WORK TO BE COMPLETED: Every line from the one with "by rewrite eqxx" to the end of the data needs to be copied exactly, and no line before it.

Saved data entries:
◇ ◇ ◇ ◇ ◇

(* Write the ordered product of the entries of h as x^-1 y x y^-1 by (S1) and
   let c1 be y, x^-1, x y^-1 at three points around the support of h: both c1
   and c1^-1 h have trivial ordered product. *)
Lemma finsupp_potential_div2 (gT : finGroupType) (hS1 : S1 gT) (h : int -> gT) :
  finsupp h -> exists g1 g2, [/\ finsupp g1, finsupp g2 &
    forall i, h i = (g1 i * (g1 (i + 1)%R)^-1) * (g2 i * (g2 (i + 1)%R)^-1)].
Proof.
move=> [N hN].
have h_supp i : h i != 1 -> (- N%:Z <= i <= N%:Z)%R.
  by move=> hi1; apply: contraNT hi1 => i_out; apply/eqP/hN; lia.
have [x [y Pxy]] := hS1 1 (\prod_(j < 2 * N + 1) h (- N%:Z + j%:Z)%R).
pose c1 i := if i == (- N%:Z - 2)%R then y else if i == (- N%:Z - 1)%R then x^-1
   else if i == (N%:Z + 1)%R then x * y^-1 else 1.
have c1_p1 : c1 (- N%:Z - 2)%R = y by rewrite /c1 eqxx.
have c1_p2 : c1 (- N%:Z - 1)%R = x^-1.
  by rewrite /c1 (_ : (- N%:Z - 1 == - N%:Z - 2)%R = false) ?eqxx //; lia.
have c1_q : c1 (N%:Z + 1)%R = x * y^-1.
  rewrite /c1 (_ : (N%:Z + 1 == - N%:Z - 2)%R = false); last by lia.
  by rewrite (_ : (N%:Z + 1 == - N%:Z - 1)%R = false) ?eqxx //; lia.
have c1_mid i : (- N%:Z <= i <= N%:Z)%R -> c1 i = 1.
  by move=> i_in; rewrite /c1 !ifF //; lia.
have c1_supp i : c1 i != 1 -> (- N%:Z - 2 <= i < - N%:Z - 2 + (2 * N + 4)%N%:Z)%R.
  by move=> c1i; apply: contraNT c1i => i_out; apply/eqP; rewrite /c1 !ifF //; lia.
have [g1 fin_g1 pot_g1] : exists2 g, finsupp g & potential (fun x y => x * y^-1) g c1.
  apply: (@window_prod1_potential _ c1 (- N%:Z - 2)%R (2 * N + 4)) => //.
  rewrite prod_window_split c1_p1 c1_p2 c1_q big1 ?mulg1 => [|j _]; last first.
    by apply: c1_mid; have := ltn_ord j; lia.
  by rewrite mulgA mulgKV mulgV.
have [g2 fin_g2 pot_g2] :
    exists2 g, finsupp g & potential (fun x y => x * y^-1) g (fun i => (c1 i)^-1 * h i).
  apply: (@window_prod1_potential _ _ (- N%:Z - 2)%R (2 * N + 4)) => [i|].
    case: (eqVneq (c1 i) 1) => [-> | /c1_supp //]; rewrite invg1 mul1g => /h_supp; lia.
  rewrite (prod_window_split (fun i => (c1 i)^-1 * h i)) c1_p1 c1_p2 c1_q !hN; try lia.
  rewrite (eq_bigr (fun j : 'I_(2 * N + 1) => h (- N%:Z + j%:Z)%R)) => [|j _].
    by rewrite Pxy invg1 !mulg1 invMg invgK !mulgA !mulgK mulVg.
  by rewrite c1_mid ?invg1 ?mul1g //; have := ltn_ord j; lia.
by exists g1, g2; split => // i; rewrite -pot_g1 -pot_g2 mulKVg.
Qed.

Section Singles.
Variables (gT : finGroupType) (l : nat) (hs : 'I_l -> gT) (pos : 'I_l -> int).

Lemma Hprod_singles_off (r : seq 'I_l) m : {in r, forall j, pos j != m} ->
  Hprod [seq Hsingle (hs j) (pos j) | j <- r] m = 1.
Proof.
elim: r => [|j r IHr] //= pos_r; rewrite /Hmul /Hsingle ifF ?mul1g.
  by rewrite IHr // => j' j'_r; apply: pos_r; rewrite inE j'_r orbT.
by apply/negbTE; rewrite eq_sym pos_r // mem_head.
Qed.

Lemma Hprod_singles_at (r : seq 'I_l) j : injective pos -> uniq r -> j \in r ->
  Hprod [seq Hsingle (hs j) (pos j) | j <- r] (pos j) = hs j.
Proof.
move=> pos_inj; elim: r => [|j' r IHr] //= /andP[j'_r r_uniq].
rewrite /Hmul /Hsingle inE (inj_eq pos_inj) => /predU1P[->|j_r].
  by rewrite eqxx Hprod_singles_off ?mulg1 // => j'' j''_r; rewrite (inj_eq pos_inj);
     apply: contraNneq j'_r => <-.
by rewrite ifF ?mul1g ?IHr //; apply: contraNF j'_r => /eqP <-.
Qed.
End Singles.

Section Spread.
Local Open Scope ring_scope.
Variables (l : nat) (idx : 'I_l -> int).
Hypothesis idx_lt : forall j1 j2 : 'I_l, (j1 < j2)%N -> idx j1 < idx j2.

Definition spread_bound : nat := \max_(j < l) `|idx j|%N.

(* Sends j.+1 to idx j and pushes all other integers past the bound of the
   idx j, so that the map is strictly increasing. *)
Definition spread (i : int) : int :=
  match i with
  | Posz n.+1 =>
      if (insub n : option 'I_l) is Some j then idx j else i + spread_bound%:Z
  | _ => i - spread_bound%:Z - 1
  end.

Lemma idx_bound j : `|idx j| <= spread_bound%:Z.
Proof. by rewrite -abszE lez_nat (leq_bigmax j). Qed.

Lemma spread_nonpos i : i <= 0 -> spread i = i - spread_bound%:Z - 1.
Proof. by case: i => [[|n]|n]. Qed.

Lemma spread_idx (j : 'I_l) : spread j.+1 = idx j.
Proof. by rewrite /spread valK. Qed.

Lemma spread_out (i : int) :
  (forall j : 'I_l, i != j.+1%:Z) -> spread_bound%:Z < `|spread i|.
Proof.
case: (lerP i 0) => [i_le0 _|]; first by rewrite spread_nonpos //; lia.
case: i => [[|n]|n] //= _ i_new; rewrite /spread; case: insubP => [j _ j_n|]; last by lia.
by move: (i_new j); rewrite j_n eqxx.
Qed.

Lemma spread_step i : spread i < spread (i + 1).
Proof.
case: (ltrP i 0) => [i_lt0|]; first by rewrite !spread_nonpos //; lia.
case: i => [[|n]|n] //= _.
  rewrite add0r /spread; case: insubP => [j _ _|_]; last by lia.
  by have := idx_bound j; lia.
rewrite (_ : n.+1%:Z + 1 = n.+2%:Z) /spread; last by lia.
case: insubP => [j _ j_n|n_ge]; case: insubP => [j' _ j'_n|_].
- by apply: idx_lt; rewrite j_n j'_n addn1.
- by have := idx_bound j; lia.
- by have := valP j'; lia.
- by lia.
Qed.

◇ ◇ ◇ ◇ ◇

THE COMPLETED TASK:
  by rewrite eqxx Hprod_singles_off ?mulg1 // => j'' j''_r; rewrite (inj_eq pos_inj);
     apply: contraNneq j'_r => <-.
by rewrite ifF ?mul1g ?IHr //; apply: contraNF j'_r => /eqP <-.
Qed.
End Singles.

Section Spread.
Local Open Scope ring_scope.
Variables (l : nat) (idx : 'I_l -> int).
Hypothesis idx_lt : forall j1 j2 : 'I_l, (j1 < j2)%N -> idx j1 < idx j2.

Definition spread_bound : nat := \max_(j < l) `|idx j|%N.

(* Sends j.+1 to idx j and pushes all other integers past the bound of the
   idx j, so that the map is strictly increasing. *)
Definition spread (i : int) : int :=
  match i with
  | Posz n.+1 =>
      if (insub n : option 'I_l) is Some j then idx j else i + spread_bound%:Z
  | _ => i - spread_bound%:Z - 1
  end.

Lemma idx_bound j : `|idx j| <= spread_bound%:Z.
Proof. by rewrite -abszE lez_nat (leq_bigmax j). Qed.

Lemma spread_nonpos i : i <= 0 -> spread i = i - spread_bound%:Z - 1.
Proof. by case: i => [[|n]|n]. Qed.

Lemma spread_idx (j : 'I_l) : spread j.+1 = idx j.
Proof. by rewrite /spread valK. Qed.

Lemma spread_out (i : int) :
  (forall j : 'I_l, i != j.+1%:Z) -> spread_bound%:Z < `|spread i|.
Proof.
case: (lerP i 0) => [i_le0 _|]; first by rewrite spread_nonpos //; lia.
case: i => [[|n]|n] //= _ i_new; rewrite /spread; case: insubP => [j _ j_n|]; last by lia.
by move: (i_new j); rewrite j_n eqxx.
Qed.

Lemma spread_step i : spread i < spread (i + 1).
Proof.
case: (ltrP i 0) => [i_lt0|]; first by rewrite !spread_nonpos //; lia.
case: i => [[|n]|n] //= _.
  rewrite add0r /spread; case: insubP => [j _ _|_]; last by lia.
  by have := idx_bound j; lia.
rewrite (_ : n.+1%:Z + 1 = n.+2%:Z) /spread; last by lia.
case: insubP => [j _ j_n|n_ge]; case: insubP => [j' _ j'_n|_].
- by apply: idx_lt; rewrite j_n j'_n addn1.
- by have := idx_bound j; lia.
- by have := valP j'; lia.
- by lia.
Qed.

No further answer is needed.